● Task directions
In the following listing, find the lines containing "cauchy" and report them.

● Dataset
* * * * *

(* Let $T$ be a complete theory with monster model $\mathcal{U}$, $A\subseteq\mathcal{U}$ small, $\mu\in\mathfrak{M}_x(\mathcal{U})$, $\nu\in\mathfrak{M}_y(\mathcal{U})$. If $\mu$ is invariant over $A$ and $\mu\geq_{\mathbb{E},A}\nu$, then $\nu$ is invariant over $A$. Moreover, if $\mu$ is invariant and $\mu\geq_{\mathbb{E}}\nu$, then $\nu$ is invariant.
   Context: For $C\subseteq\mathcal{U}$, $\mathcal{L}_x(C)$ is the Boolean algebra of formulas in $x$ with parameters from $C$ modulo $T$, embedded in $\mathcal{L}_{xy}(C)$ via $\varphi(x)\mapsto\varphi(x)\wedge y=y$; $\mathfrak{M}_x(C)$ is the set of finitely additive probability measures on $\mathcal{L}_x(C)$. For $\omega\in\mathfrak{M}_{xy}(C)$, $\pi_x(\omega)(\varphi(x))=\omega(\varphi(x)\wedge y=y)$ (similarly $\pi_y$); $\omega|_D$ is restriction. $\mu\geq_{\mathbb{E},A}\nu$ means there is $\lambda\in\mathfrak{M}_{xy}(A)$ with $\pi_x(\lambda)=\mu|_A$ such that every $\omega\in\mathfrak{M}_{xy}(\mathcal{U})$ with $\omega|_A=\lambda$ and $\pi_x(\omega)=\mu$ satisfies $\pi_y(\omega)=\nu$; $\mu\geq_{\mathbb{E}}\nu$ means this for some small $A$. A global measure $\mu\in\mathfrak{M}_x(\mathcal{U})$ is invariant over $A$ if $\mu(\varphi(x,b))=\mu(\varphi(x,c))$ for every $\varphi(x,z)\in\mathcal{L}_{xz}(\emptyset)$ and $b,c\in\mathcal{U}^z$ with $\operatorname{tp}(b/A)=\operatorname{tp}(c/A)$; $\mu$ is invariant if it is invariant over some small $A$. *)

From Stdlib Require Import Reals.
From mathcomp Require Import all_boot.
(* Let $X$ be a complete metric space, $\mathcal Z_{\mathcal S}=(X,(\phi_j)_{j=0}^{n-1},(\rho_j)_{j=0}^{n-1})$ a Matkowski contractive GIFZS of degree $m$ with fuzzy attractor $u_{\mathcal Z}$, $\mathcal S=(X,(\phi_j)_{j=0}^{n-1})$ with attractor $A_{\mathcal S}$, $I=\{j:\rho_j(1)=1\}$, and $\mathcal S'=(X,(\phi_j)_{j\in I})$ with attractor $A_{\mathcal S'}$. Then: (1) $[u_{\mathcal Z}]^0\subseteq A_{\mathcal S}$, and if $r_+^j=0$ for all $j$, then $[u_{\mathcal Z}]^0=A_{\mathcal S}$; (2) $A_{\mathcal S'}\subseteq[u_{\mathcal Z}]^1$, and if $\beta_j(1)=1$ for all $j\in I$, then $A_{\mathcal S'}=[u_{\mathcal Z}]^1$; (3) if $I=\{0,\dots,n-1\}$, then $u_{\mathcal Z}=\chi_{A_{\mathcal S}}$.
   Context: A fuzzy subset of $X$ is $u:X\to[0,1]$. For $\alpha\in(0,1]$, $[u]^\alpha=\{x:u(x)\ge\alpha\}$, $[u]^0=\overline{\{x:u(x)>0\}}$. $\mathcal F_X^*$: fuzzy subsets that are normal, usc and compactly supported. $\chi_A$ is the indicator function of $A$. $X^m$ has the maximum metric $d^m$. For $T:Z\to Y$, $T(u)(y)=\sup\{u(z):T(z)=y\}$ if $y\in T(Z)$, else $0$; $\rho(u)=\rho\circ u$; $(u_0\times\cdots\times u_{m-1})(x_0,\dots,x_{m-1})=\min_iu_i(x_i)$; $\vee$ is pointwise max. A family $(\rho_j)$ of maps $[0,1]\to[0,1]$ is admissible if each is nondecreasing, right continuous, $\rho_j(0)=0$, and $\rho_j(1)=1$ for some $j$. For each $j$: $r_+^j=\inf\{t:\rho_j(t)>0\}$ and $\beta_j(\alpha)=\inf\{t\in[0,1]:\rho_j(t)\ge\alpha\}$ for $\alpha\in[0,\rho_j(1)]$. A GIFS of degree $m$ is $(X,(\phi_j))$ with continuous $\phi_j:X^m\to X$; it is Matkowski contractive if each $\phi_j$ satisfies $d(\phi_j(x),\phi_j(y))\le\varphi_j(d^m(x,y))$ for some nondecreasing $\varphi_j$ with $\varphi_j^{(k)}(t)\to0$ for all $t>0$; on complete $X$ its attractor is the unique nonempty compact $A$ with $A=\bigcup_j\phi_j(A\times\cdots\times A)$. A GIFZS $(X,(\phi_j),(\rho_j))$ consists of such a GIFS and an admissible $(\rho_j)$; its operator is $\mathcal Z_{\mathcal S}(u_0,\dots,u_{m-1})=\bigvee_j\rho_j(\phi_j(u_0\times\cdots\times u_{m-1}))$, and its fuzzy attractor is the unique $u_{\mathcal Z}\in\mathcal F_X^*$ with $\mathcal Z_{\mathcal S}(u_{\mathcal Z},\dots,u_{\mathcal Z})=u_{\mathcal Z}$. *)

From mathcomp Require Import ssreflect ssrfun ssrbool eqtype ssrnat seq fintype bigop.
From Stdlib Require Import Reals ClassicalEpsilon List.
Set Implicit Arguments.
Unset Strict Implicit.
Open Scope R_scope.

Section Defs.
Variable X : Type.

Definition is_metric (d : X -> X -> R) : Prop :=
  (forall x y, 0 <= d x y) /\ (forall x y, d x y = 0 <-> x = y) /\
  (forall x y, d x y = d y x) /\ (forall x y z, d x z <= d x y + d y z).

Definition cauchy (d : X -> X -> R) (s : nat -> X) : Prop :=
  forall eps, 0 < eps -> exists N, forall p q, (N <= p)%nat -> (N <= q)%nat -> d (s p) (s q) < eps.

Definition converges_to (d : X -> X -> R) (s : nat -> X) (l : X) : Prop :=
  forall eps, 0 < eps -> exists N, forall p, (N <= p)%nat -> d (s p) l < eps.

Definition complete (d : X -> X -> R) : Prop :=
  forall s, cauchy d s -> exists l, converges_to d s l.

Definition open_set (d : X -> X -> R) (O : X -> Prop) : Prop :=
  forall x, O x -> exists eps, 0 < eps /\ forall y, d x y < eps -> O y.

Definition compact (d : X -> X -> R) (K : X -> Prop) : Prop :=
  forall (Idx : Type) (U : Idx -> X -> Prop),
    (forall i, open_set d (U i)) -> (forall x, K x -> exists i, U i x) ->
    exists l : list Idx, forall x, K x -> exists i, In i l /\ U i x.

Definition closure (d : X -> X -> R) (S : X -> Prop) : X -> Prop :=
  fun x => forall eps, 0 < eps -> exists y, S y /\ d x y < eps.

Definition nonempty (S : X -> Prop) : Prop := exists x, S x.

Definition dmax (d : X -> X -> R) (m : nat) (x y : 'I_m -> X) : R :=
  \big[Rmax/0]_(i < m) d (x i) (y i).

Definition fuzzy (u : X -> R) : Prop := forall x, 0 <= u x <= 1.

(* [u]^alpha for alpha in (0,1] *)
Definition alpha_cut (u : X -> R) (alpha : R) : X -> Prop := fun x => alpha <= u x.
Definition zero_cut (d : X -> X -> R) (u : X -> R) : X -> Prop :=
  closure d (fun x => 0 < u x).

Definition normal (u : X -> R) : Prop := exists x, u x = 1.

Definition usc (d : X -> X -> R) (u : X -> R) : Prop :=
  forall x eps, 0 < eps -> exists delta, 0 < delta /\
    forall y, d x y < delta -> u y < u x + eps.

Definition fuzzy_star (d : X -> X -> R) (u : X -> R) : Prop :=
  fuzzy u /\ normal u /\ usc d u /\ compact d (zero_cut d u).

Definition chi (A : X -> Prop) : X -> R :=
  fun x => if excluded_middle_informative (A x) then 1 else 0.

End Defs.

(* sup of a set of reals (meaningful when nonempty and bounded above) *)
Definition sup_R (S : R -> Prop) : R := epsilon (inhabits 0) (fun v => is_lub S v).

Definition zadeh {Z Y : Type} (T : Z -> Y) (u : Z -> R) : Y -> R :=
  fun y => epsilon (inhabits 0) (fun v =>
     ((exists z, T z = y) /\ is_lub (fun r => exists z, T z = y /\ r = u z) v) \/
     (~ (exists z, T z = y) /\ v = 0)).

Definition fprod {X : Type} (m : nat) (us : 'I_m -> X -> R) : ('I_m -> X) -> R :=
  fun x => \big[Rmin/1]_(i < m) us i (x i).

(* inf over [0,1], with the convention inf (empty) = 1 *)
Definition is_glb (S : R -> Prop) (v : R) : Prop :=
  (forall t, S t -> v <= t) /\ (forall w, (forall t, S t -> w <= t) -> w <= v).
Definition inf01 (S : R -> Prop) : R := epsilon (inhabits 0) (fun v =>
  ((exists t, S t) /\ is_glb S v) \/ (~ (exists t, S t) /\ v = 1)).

* * * * *

● Result of this exercise
Definition cauchy (d : X -> X -> R) (s : nat -> X) : Prop :=
  forall s, cauchy d s -> exists l, converges_to d s l.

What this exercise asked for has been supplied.